Stored items.
(* Put M := I - gamma A, so that Q = M^-1, and x := Q u + c; u |-> x is an affine
   bijection with inverse x |-> M (x - c).  Completing the square gives, for all u, y,
     <P u, u>/2 + <c, u> + |y - u|^2/2 + gamma g(y)
       = <M (x - y), x - y>/2 + gamma phi(y) + K
   with K independent of u and y.  Taking the infimum over y,
     psi(u) = K + inf_y (gamma phi(y) + <M (x - y), x - y>/2),
   i.e. up to the change of variables psi is the Moreau envelope of gamma phi in the
   metric of the positive definite M.  An envelope has the same infimum as the
   function, which gives (i) => (ii).  For (ii) => (i), if phi(x1) < phi(x) then
   lower semicontinuity keeps phi above phi(x1) on a ball around x, while outside
   the ball the M-distance term is bounded below, so the envelope at x would exceed
   its own value.  Convexity of g only serves to make e_gamma g finite, through an
   affine lower bound on g. *)

Section InnerProduct.
Variables (R : realType) (n : nat).
Implicit Types (u v w : 'cV[R]_n) (B : 'M[R]_n).

Lemma dotvE u v : dotv u v = \sum_i u i 0 * v i 0.
Proof. by rewrite /dotv mxE; apply: eq_bigr => i _; rewrite mxE. Qed.

Lemma dotvC u v : dotv u v = dotv v u.
Proof. by rewrite !dotvE; apply: eq_bigr => i _; rewrite mulrC. Qed.

Lemma dotvDl u v w : dotv (u + v) w = dotv u w + dotv v w.
Proof. by rewrite /dotv linearD /= mulmxDl mxE. Qed.

Lemma dotvDr u v w : dotv w (u + v) = dotv w u + dotv w v.
Proof. by rewrite /dotv mulmxDr mxE. Qed.

Lemma dotvZl a u v : dotv (a *: u) v = a * dotv u v.
Proof. by rewrite /dotv linearZ /= -scalemxAl mxE. Qed.

Lemma dotvZr a u v : dotv u (a *: v) = a * dotv u v.
Proof. by rewrite /dotv -scalemxAr mxE. Qed.

Lemma dotvBl u v w : dotv (u - v) w = dotv u w - dotv v w.
Proof. by rewrite dotvDl -scaleN1r dotvZl mulN1r. Qed.

Lemma dotvBr u v w : dotv w (u - v) = dotv w u - dotv w v.
Proof. by rewrite dotvDr -scaleN1r dotvZr mulN1r. Qed.

Lemma dotv0l v : dotv 0 v = 0.
Proof. by rewrite -(scale0r 0) dotvZl mul0r. Qed.

Lemma dotv_mulmxl B u v : dotv (B *m u) v = dotv u (B^T *m v).
Proof. by rewrite /dotv trmx_mul mulmxA. Qed.

Lemma dotv_delta u (i : 'I_n) : dotv u (delta_mx i 0) = u i 0.
Proof.
rewrite dotvE (bigD1 i) //= mxE !eqxx mulr1 big1 ?addr0 // => j ji.
by rewrite mxE (negbTE ji) mulr0.
Qed.

Lemma normr_coord_le u (i : 'I_n) : `|u i 0| <= `|u|.
Proof.
rewrite [leRHS]/Num.Def.normr /= mx_normrE.
by apply: le_trans (le_bigmax _ _ (i, 0)) => /=.
Qed.

Lemma normr_dotv_le u v : `|dotv u v| <= (\sum_i `|u i 0|) * `|v|.
Proof.
rewrite dotvE mulr_suml; apply: le_trans (ler_norm_sum _ _ _) _.
by apply: ler_sum => i _; rewrite normrM ler_wpM2l ?normr_coord_le.
Qed.

Lemma sqr_normr_le u e : 0 <= e -> (forall i, u i 0 ^+ 2 <= e) -> `|u| ^+ 2 <= e.
Proof.
move=> e_ge0 ue; have [->|/mx_norm_neq0 [[i j] /= ui]] := eqVneq (`|u| : R) 0.
  by rewrite expr0n.
change (mx_norm u ^+ 2 <= e).
by rewrite ui (ord1 j) real_normK ?num_real.
Qed.

Lemma sqr_normr_le_dotv u : `|u| ^+ 2 <= dotv u u.
Proof.
have coord_sqr_ge0 (k : 'I_n) : 0 <= u k 0 * u k 0 by rewrite -expr2 sqr_ge0.
apply: sqr_normr_le => [|i]; first by rewrite dotvE sumr_ge0.
by rewrite dotvE (bigD1 i) //= expr2 lerDl sumr_ge0.
Qed.

End InnerProduct.

Section PositiveMatrices.
Variables (R : realType) (n : nat).
Implicit Types (b u v x y : 'cV[R]_n) (A B : 'M[R]_n).

Lemma pdmx_psd B : pdmx B -> psdmx B.
Proof.
move=> [B_sym B_pos]; split=> // x; have [->|/B_pos/ltW//] := eqVneq x 0.
by rewrite mulmx0 dotv0l.
Qed.

Lemma pdmx_unit B : pdmx B -> B \in unitmx.
Proof.
move=> [B_sym B_pos]; rewrite -row_free_unit -kermx_eq0.
apply/eqP/row_matrixP => i; rewrite row0; set r := row i _.
have /sub_kermxP r_ker : (r <= kermx B)%MS by apply: row_sub.
have Br : B *m r^T = 0 by rewrite -{1}B_sym -trmx_mul r_ker trmx0.
have [/(congr1 trmx)|/B_pos] := eqVneq r^T 0; first by rewrite trmxK trmx0.
by rewrite Br dotv0l ltxx.
Qed.

(* The discriminant of t |-> <B (u - t v), u - t v> >= 0 is nonpositive. *)
Lemma psd_cauchy_schwarz B u v : psdmx B ->
  dotv (B *m u) v ^+ 2 <= dotv (B *m u) u * dotv (B *m v) v.
Proof.
move=> [B_sym B_psd].
set a := dotv (B *m u) u; set p := dotv (B *m u) v; set q := dotv (B *m v) v.
have quad_ge0 t : 0 <= a - 2 * t * p + t ^+ 2 * q.
  have := B_psd (u - t *: v).
  rewrite mulmxBr -scalemxAr dotvBl !dotvBr !dotvZl !dotvZr.
  have -> : dotv (B *m v) u = p by rewrite dotv_mulmxl B_sym dotvC.
  by rewrite -/a -/p -/q => h; nra.
have q_ge0 : 0 <= q by apply: B_psd.
have [q_gt0|q_le0] := ltrP 0 q.
  have := quad_ge0 (p / q); have pq : p / q * q = p by rewrite mulfVK ?gt_eqF.
  set t := p / q in pq *; rewrite expr2 => h; nra.
have q0 : q = 0 by apply/eqP; rewrite eq_le q_le0 q_ge0.
rewrite q0 mulr0; have [->|p_neq0] := eqVneq p 0; first by rewrite expr0n.
have := quad_ge0 ((a + 1) / (2 * p)); rewrite q0 mulr0 addr0.
have -> : 2 * ((a + 1) / (2 * p)) * p = a + 1 by field; rewrite p_neq0.
lra.
Qed.

Lemma pdmx_sqr_normr_le B : pdmx B ->
  exists2 S, 0 < S & forall x, `|x| ^+ 2 <= S * dotv (B *m x) x.
Proof.
move=> B_pd; have B_psd := pdmx_psd B_pd.
(* x_i = <B x, B^-1 e_i>; bound it by Cauchy-Schwarz for the form of B. *)
pose w (i : 'I_n) : 'cV[R]_n := invmx B *m delta_mx i 0.
pose D (i : 'I_n) := dotv (B *m w i) (w i).
have D_ge0 i : 0 <= D i by apply: B_psd.2.
exists (1 + \sum_i D i) => [|x]; first by rewrite ltr_wpDr ?sumr_ge0.
apply: sqr_normr_le => [|i]; first by rewrite mulr_ge0 ?B_psd.2 ?addr_ge0 ?sumr_ge0.
have -> : x i 0 = dotv (B *m x) (w i).
  by rewrite dotv_mulmxl B_psd.1 mulmxA mulmxV ?pdmx_unit // mul1mx dotv_delta.
apply: le_trans (psd_cauchy_schwarz _ _ B_psd) _.
rewrite mulrC ler_wpM2r ?B_psd.2 //.
by rewrite (bigD1 i) //= addrCA lerDl addr_ge0 ?sumr_ge0.
Qed.

Lemma psd_quad_tangent_le A b x y : psdmx A ->
  2^-1 * dotv (A *m x) x + dotv b x + dotv (A *m x + b) (y - x) <=
  2^-1 * dotv (A *m y) y + dotv b y.
Proof.
move=> [A_sym A_psd]; have [w ->] : exists w, y = x + w.
  by exists (y - x); rewrite addrC subrK.
rewrite [x + w - x]addrC addKr mulmxDr !dotvDl !dotvDr.
rewrite [dotv (A *m w) x]dotv_mulmxl A_sym (dotvC w).
have := A_psd w; lra.
Qed.

End PositiveMatrices.

Lemma ltEFin_between (R : realType) (x : R) (e : \bar R) : (x%:E < e)%E ->
  exists2 a : R, x < a & (a%:E < e)%E.
Proof.
case: e => [r| |] //; last by exists (x + 1); rewrite ?ltey // ltrDl.
by rewrite lte_fin => xr; exists ((x + r) / 2); rewrite ?lte_fin; lra.
Qed.

Section ConvexMinorant.
Variables (R : realType) (n : nat) (g : 'cV[R]_n -> \bar R).
Hypothesis g_convex : convex_efun g.
Hypothesis g_lsc : lower_semicontinuous g.

(* Lower semicontinuity keeps g above g x0 - 1 on a ball of radius r around x0;
   convexity along the segment from x0 to y propagates this bound to y. *)
Lemma convex_lsc_minorant x0 (G0 : R) : g x0 = G0%:E ->
  exists2 r : R, 0 < r & forall y, ((G0 - 1 - `|y - x0| / r)%:E <= g y)%E.
Proof.
move=> gx0; have : ((G0 - 1)%:E < g x0)%E by rewrite gx0 lte_fin ltrBlDr ltrDl.
move=> /g_lsc [V /nbhs_ballP [r /= r_gt0 ballV] g_gtV]; exists r => // y.
set d := `|y - x0|; have d_ge0 : 0 <= d by apply: normr_ge0.
set t := r / (r + d); have rd_gt0 : 0 < r + d by lra.
have t_gt0 : 0 < t by rewrite divr_gt0.
have t_le1 : t <= 1 by rewrite ler_pdivrMr // mul1r lerDl.
have td_lt : t * d < r.
  rewrite /t mulrAC ltr_pdivrMr //; nra.
have g_gt : ((G0 - 1)%:E < g (t *: y + (1 - t) *: x0))%E.
  apply/g_gtV/ballV; rewrite -ball_normE /= /ball_ /=.
  have -> : x0 - (t *: y + (1 - t) *: x0) = - (t *: (y - x0)).
    by rewrite scalerBl scale1r addrCA -scalerBr opprD addNKr.
  by rewrite normrN normrZ gtr0_norm.
have := lt_le_trans g_gt (g_convex y x0 _); rewrite (ltW t_gt0) t_le1 gx0 => /(_ isT).
case: (g y) => [Gy| |]; last 2 first.
- by rewrite leey.
- by rewrite mulrNy gtr0_sg // mul1e addNye ltNge leNye.
rewrite -!EFinM -EFinD !lte_fin => lt_G; rewrite lee_fin.
have -> : G0 - 1 - d / r = G0 - t^-1 by rewrite /t invf_div; field; rewrite gt_eqF.
rewrite -(ler_pM2l t_gt0) mulrBr mulfV ?gt_eqF //; lra.
Qed.

End ConvexMinorant.

Section MoreauEnvelope.
Variables (R : realType) (n : nat) (g : 'cV[R]_n -> \bar R) (gamma : R).
Hypothesis gamma_gt0 : 0 < gamma.
Hypothesis g_proper : proper_fun g.
Hypothesis g_convex : convex_efun g.
Hypothesis g_lsc : lower_semicontinuous g.
Implicit Types (u x y : 'cV[R]_n).

Lemma moreau_env_le u y :
  (gamma%:E * moreau_env gamma g u <=
   (2^-1 * dotv (y - u) (y - u))%:E + gamma%:E * g y)%E.
Proof.
have env_le : (moreau_env gamma g u <=
               g y + ((2 * gamma)^-1 * dotv (y - u) (y - u))%:E)%E.
  by apply: ereal_inf_lbound; exists y.
apply: le_trans (lee_wpmul2l _ env_le) _; first by rewrite lee_fin ltW.
rewrite muleDr ?fin_num_adde_defl // -EFinM addeC.
by rewrite mulrA invfM mulrCA mulfV ?gt_eqF // mulr1.
Qed.

Lemma moreau_env_ge u (m : R) :
  (forall y, (m%:E <= (2^-1 * dotv (y - u) (y - u))%:E + gamma%:E * g y)%E) ->
  (m%:E <= gamma%:E * moreau_env gamma g u)%E.
Proof.
move=> m_le; have -> : m = gamma * (m / gamma) by rewrite mulrCA divff ?gt_eqF ?mulr1.
rewrite EFinM; apply: lee_wpmul2l; first by rewrite lee_fin ltW.
apply/ereal_infP => _ [y _ <-].
move: (m_le y); case: (g y) => [Gy| |] /=; last 2 first.
- by rewrite leey.
- by rewrite mulrNy gtr0_sg // mul1e addeNy leeNy_eq.
rewrite -EFinM -!EFinD !lee_fin ler_pdivrMr // => le_m.
suff -> : (Gy + (2 * gamma)^-1 * dotv (y - u) (y - u)) * gamma =
          2^-1 * dotv (y - u) (y - u) + gamma * Gy by [].
by field; rewrite gt_eqF.
Qed.

Lemma moreau_env_fin_num u : moreau_env gamma g u \is a fin_num.
Proof.
have [gNy [x0 gx0_fin]] := g_proper.
have gx0 : g x0 = (fine (g x0))%:E by rewrite fineK // fin_numE gNy.
set G0 := fine (g x0) in gx0.
have [r r_gt0 g_ge] := convex_lsc_minorant g_convex g_lsc gx0.
set k := gamma / r; have k_ge0 : 0 <= k by rewrite divr_ge0 ?ltW.
have env_ge : ((gamma * (G0 - 1) - k * `|u - x0| - k ^+ 2 / 2)%:E <=
               gamma%:E * moreau_env gamma g u)%E.
  apply: moreau_env_ge => // y; move: (g_ge y).
  case: (g y) => [Gy| |]; last 2 first.
  - by move=> _; rewrite mulry gtr0_sg // mul1e addey // leey.
  - by rewrite leeNy_eq.
  rewrite -EFinM -EFinD !lee_fin => Gy_ge.
  have gGy_ge : gamma * (G0 - 1) - k * `|y - x0| <= gamma * Gy.
    by rewrite /k mulrAC -mulrA -mulrBr ler_pM2l.
  have tri : k * `|y - x0| <= k * (`|y - u| + `|u - x0|).
    by rewrite ler_wpM2l // ler_distD.
  have := sqr_normr_le_dotv (y - u); have := sqr_ge0 (`|y - u| - k).
  rewrite !expr2; nra.
rewrite fin_numE; apply/andP; split.
  by apply: contraTN env_ge => /eqP ->; rewrite mulrNy gtr0_sg // mul1e leeNy_eq.
rewrite -ltey; apply: le_lt_trans (ereal_inf_lbound _) _.
  by exists x0.
by rewrite gx0 ltey.
Qed.

End MoreauEnvelope.

Section Reformulation.
Variables (R : realType) (n : nat) (A : 'M[R]_n) (b : 'cV[R]_n).
Variables (alpha gamma : R) (g : 'cV[R]_n -> \bar R).
Hypothesis A_psd : psdmx A.
Hypothesis gamma_gt0 : 0 < gamma.
Hypothesis M_pd : pdmx (1%:M - gamma *: A).
Hypothesis g_proper : proper_fun g.
Hypothesis g_convex : convex_efun g.
Hypothesis g_lsc : lower_semicontinuous g.
Implicit Types (u x y : 'cV[R]_n).

Local Notation M := (1%:M - gamma *: A).
Local Notation Q := (invmx M).
Local Notation c := (gamma *: (Q *m b)).

Let q x := 2^-1 * dotv (A *m x) x + dotv b x.
Let phi x := ((q x + alpha)%:E + g x)%E.
Let psi u := ((2^-1 * dotv ((Q - 1%:M) *m u) u + dotv c u)%:E +
              gamma%:E * moreau_env gamma g u)%E.
Let distM x y := dotv (M *m (x - y)) (x - y).
Let K := - (gamma / 2 * dotv c b) - gamma * alpha.

Let M_sym : M^T = M := M_pd.1.

Let mulmxQ : M *m Q = 1%:M.
Proof. exact/mulmxV/pdmx_unit. Qed.

Let mulQmx : Q *m M = 1%:M.
Proof. exact/mulVmx/pdmx_unit. Qed.

Lemma psi_identity u y :
  2^-1 * dotv ((Q - 1%:M) *m u) u + dotv c u + 2^-1 * dotv (y - u) (y - u) =
  2^-1 * distM (Q *m u + c) y + K + gamma * (q y + alpha).
Proof.
set x := Q *m u + c.
have Qu : Q *m u = x - c by rewrite addrK.
have u_eq : u = M *m x - gamma *: b.
  by rewrite mulmxDr mulmxA mulmxQ mul1mx scalemxAr mulmxA mulmxQ mul1mx addrK.
have Mc : dotv c (M *m x) = gamma * dotv b x.
  by rewrite dotvC dotv_mulmxl M_sym scalemxAr mulmxA mulmxQ mul1mx dotvZr dotvC.
have My : dotv (M *m y) y = dotv y y - gamma * dotv (A *m y) y.
  by rewrite mulmxBl mul1mx -scalemxAl dotvBl dotvZl.
have Myx : dotv (M *m y) x = dotv (M *m x) y.
  by rewrite dotv_mulmxl M_sym dotvC.
rewrite /distM /q /K mulmxBl mul1mx Qu mulmxBr !dotvBl !dotvBr My Myx.
have xu : dotv x u = dotv (M *m x) x - gamma * dotv b x.
  by rewrite u_eq dotvBr dotvZr dotvC (dotvC x b).
have cu : dotv c u = gamma * dotv b x - gamma * dotv c b.
  by rewrite u_eq dotvBr dotvZr Mc.
have yu : dotv y u = dotv (M *m x) y - gamma * dotv b y.
  by rewrite u_eq dotvBr dotvZr dotvC (dotvC y b).
by rewrite xu cu (dotvC u y) yu; field.
Qed.

Lemma psi_term_eq u y :
  ((2^-1 * dotv ((Q - 1%:M) *m u) u + dotv c u)%:E +
   ((2^-1 * dotv (y - u) (y - u))%:E + gamma%:E * g y) =
   (2^-1 * distM (Q *m u + c) y + K)%:E + gamma%:E * phi y)%E.
Proof.
rewrite /phi muleDr ?fin_num_adde_defr // !addeA -!EFinM -!EFinD.
by rewrite psi_identity.
Qed.

Lemma psi_le u y :
  (psi u <= (2^-1 * distM (Q *m u + c) y + K)%:E + gamma%:E * phi y)%E.
Proof. by rewrite -psi_term_eq leeD2l // moreau_env_le. Qed.

Lemma psi_ge u (m : R) :
  (forall y, (m%:E <= (2^-1 * distM (Q *m u + c) y + K)%:E + gamma%:E * phi y)%E) ->
  (m%:E <= psi u)%E.
Proof.
move=> m_le; set L := 2^-1 * dotv ((Q - 1%:M) *m u) u + dotv c u.
have env_ge : ((m - L)%:E <= gamma%:E * moreau_env gamma g u)%E.
  apply: moreau_env_ge => // y.
  by rewrite -(@leeD2lE _ L%:E) // -EFinD subrKC psi_term_eq.
by have := leeD2l L%:E env_ge; rewrite -EFinD subrKC.
Qed.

TASK DETAILS.
Using the records above, copy every line that has the word "muleDr" in it.

RESULT.
rewrite muleDr ?fin_num_adde_defl // -EFinM addeC.
rewrite /phi muleDr ?fin_num_adde_defr // !addeA -!EFinM -!EFinD.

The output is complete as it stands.